Configuring the Function Model Creation

You can also change how things are converted from the python function to the pydantic model using the configure() function. Passing arguments to this function would be equivalent to setting the config parameter to the call of create_model(). You can give any keyword argument here that is available for the initialization of a FunctionConfig instance. You can, for instance, add custom validators or field_params.

Abstracting classes for RPC

Instead of using a function as described above, one can also use a method of a python class. Here is an example:

class HelloClass:

    def __init__(self, text: str ="Hello"):
        self._text = text

    def hello_world(self, name: str) -> str:
        return self._text + " World, " + name

calling hello_world("Peter") is equivalent to calling HelloClass().hello_world("Peter"). When we encounter a class in the members that you specified for the main() function (see Specifying module members), then we will not use the BackendFunction to create a new model, but instead we use the BackendClass.

The create_model() classmethod of the BackendClass uses the same procedure as described in the previous section (Abstracting functions for RPC) to abstract the __init__ method of the class. And it does an abstraction for all the methods of the class.

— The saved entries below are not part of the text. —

(* Let $\lambda \geq 0$ and $0\leq\beta<1$. Let $f(z)=z+\sum_{k=2}^{\infty}a_kz^k$ belong to $\Theta_{\Sigma}(1,\lambda,0,0;\beta)$ (the case $\tau=1$, $\gamma=\delta=0$). Then $$|a_2| \leq \min\left\{\frac{2(1-\beta)}{1+\lambda},\ \sqrt{\frac{2(1-\beta)}{1+2\lambda}}\right\}\quad\text{and}\quad |a_3| \leq \frac{2(1-\beta)}{1+2\lambda}.$$
   Context: Let $\mathbb{U}=\{z\in\mathbb{C}:|z|<1\}$. $\Sigma$ denotes the class of bi-univalent functions: functions $f(z)=z+\sum_{k=2}^\infty a_kz^k$ analytic and univalent in $\mathbb{U}$ whose inverse $f^{-1}$ extends to a univalent function $g$ on $\mathbb{U}$; this $g$ has the expansion $g(w)=w-a_2w^2+(2a_2^2-a_3)w^3-\cdots$. For $\delta\in\mathbb{N}_0$ and $h(z)=z+\sum_{k\ge2}c_kz^k$ analytic in $\mathbb{U}$, the Ruscheweyh derivative is $\mathcal{R}^\delta h(z)=z+\sum_{k=2}^{\infty}\frac{\Gamma(\delta+k)}{\Gamma(k)\Gamma(\delta+1)}c_kz^k$ (for $\delta=0$ it is the identity). For such $h$ and parameters $\lambda,\gamma,\tau\neq0,\delta$, put $$J_h(z)=1+\frac{1}{\tau}\Big[(1-\lambda)(1-\gamma)\frac{\mathcal{R}^\delta h(z)}{z}+(\lambda(\gamma+1)+\gamma)(\mathcal{R}^\delta h)'(z)+\lambda\gamma\big(z(\mathcal{R}^\delta h)''(z)-2\big)-1\Big].$$ For $0\le\beta<1$, $\Theta_{\Sigma}(\tau,\lambda,\gamma,\delta;\beta)$ is the set of $f\in\Sigma$ such that $\operatorname{Re}J_f(z)>\beta$ for all $z\in\mathbb{U}$ and $\operatorname{Re}J_g(w)>\beta$ for all $w\in\mathbb{U}$, where $g$ is the extension of $f^{-1}$ to $\mathbb{U}$. *)

From Stdlib Require Import Reals Factorial.
From Coquelicot Require Import Coquelicot.
Open Scope R_scope.

Definition analytic_U (h : C -> C) (c : nat -> C) : Prop :=
  forall z : C, Cmod z < 1 -> is_pseries c z (h z).

Definition univalent_U (h : C -> C) : Prop :=
  forall z w : C, Cmod z < 1 -> Cmod w < 1 -> h z = h w -> z = w.

(* The class Sigma of bi-univalent functions, with Taylor coefficients a:
   f(z) = z + sum_{k>=2} a_k z^k analytic and univalent in U, and f^{-1}
   (defined on f(U)) extends to a univalent analytic g on U. *)
Definition in_Sigma_with (f g : C -> C) (a : nat -> C) : Prop :=
  analytic_U f a /\ a 0%nat = 0%C /\ a 1%nat = 1%C /\ univalent_U f /\
  (exists b : nat -> C, analytic_U g b) /\ univalent_U g /\
  (forall z : C, Cmod z < 1 -> Cmod (f z) < 1 -> g (f z) = z).

(* Coefficients of the Ruscheweyh derivative R^delta h, h(z)=z+sum c_k z^k:
   Gamma(delta+k)/(Gamma(k) Gamma(delta+1)) = (delta+k-1)!/((k-1)! delta!). *)
Definition rusch_coef (delta : nat) (c : nat -> C) (k : nat) : C :=
  match k with
  | O => 0%C
  | S O => 1%C
  | S k' => (RtoC (INR (fact (delta + k')) / (INR (fact k') * INR (fact delta)))
             * c k)%C
  end.
Lemma ell_delta_continuity : continuity ell_delta.
Proof.
  intro th; apply derivable_continuous_pt; eexists.
  apply (derive_ell_delta (fun t => t) th 1), derivable_pt_lim_id.
Qed.

Lemma inv_ell_delta_continuity : continuity (fun th => / ell_delta th).
Proof.
  intro th; apply continuity_pt_inv; [apply ell_delta_continuity | apply Rgt_not_eq, ell_delta_pos].
Qed.

Lemma Fell_derivative x : derivable_pt_lim Fell x (/ ell_delta x).
Proof. exact (Rint_derivative _ inv_ell_delta_continuity x). Qed.

Lemma inv_ell_delta_ge_1 th : 1 <= / ell_delta th.
Proof.
  pose proof (ell_delta_pos th); pose proof (ell_delta_le_1 th).
  rewrite <- Rinv_1; apply Rinv_le_contravar; lra.
Qed.

Lemma Fell_expanding x y : x <= y -> y - x <= Fell y - Fell x.
Proof.
  intros [Hxy|<-]; [|lra].
  destruct (MVT_cor2 Fell _ x y Hxy (fun c _ => Fell_derivative c)) as [c [Hc _]].
  pose proof (inv_ell_delta_ge_1 c); nra.
Qed.

Lemma Fell_0 : Fell 0 = 0.
Proof.
  unfold Fell; rewrite (Rint_RiemannInt _ 0 0 (RiemannInt_P7 _ 0)); apply RiemannInt_P9.
Qed.

Lemma Fell_surjective u : exists phi, Fell phi = u.
Proof.
  set (A := Rabs u + 1).
  assert (HuA : - A < u < A)
    by (unfold A; pose proof (Rle_abs u); pose proof (Rle_abs (- u)); rewrite Rabs_Ropp in *; lra).
  pose proof (Fell_expanding 0 A ltac:(lra)); pose proof (Fell_expanding (- A) 0 ltac:(lra)).
  rewrite Fell_0 in *.
  destruct (IVT_cor (fun p => Fell p - u) (- A) A) as [phi [_ Hphi]]; [| lra | nra |].
  - intro p; apply continuity_pt_minus; [|apply continuity_pt_const; intros ? ?; auto].
    apply derivable_continuous_pt; exists (/ ell_delta p); apply Fell_derivative.
  - exists phi; lra.
Qed.

Lemma Fell_am u : Fell (am u) = u.
Proof. exact (epsilon_spec (inhabits 0) (fun phi => Fell phi = u) (Fell_surjective u)). Qed.

Lemma am_Fell x : am (Fell x) = x.
Proof.
  pose proof (Fell_am (Fell x)) as H.
  destruct (Rle_dec x (am (Fell x))) as [Hle|Hle];
    [pose proof (Fell_expanding _ _ Hle) | pose proof (Fell_expanding (am (Fell x)) x ltac:(lra))];
    lra.
Qed.

Lemma am_K : am K = PI / 2.
Proof. apply am_Fell. Qed.

Lemma am_derivative u : derivable_pt_lim am u (ell_delta (am u)).
Proof.
  eapply derivable_pt_lim_eq_val.
  - apply (derivable_pt_lim_inverse Fell (fun th => / ell_delta th)).
    + exact Fell_derivative.
    + exact inv_ell_delta_ge_1.
    + exact inv_ell_delta_continuity.
    + exact Fell_am.
  - rewrite Rinv_inv; reflexivity.
Qed.

(** * The order-zero solution *)

Definition cubic_oscillator (Y P : R -> R) : Prop :=
  forall s, derivable_pt_lim Y s (P s) /\ derivable_pt_lim P s (- / 2 * Y s ^ 3).

Lemma cubic_energy_ineq y y2 d p B :
  Rabs y <= B -> Rabs y2 <= B ->
  d * p * (2 - (y ^ 2 + y * y2 + y2 ^ 2)) <= (1 + 3 * B ^ 2) * (d ^ 2 + p ^ 2).
Proof.
  intros Hy Hy2.
  assert (Hw0 : 0 <= y ^ 2 + y * y2 + y2 ^ 2)
    by (pose proof (pow2_ge_0 (2 * y + y2)); pose proof (pow2_ge_0 y2); nra).
  assert (Hw : y ^ 2 + y * y2 + y2 ^ 2 <= 3 * B ^ 2).
  { assert (y * y2 <= Rabs y * Rabs y2) by (rewrite <- Rabs_mult; apply Rle_abs).
    rewrite <- (pow2_abs y), <- (pow2_abs y2); pose proof (Rabs_pos y); pose proof (Rabs_pos y2).
    nra. }
  pose proof (pow2_ge_0 (d + p)); pose proof (pow2_ge_0 (d - p)); nra.
Qed.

The pydantic representation of our class, i.e. the HelloClassModel in

from demessaging.backend.class_ import BackendClass
HelloClassModel = BackendClass.create_model(HelloClass)

is comparable to:

from demessaging.backend.class_ import BackendClass
from demessaging.backend.function import BackendFunction

class HelloClassHelloWorldModel(BackendFunction):

    func_name: Literal["hello_world"] = "hello_world"
    name: str

class HelloClassModel(BackendClass):

    class_name: Literal["HelloClass"] = "HelloClass"
    text: str = "Hello"
    function: HelloClassHelloWorldModel

and you would create an instance of this method via

request = HelloClassModel(
    text="Hello",
    function={"func_name": "hello_world", "name": "Peter"}
)

Hence, you specify the method that you want to call. Running request() now creates an instance of HelloClass and runs it’s hello_world method, i.e.

response = HelloClassModel()
response.root == HelloClass(text="Hello").hello_world(name="Peter")

Configuring the Class Model Creation

You can configure classes as you can configure functions, just decorate your class with the configure() function and pass the parameters for the ClassConfig. You can, for instance, use the methods parameter to specify what methods will be available for the RPC. You can also decorate any method of the class with the configure() function as you do with normal functions.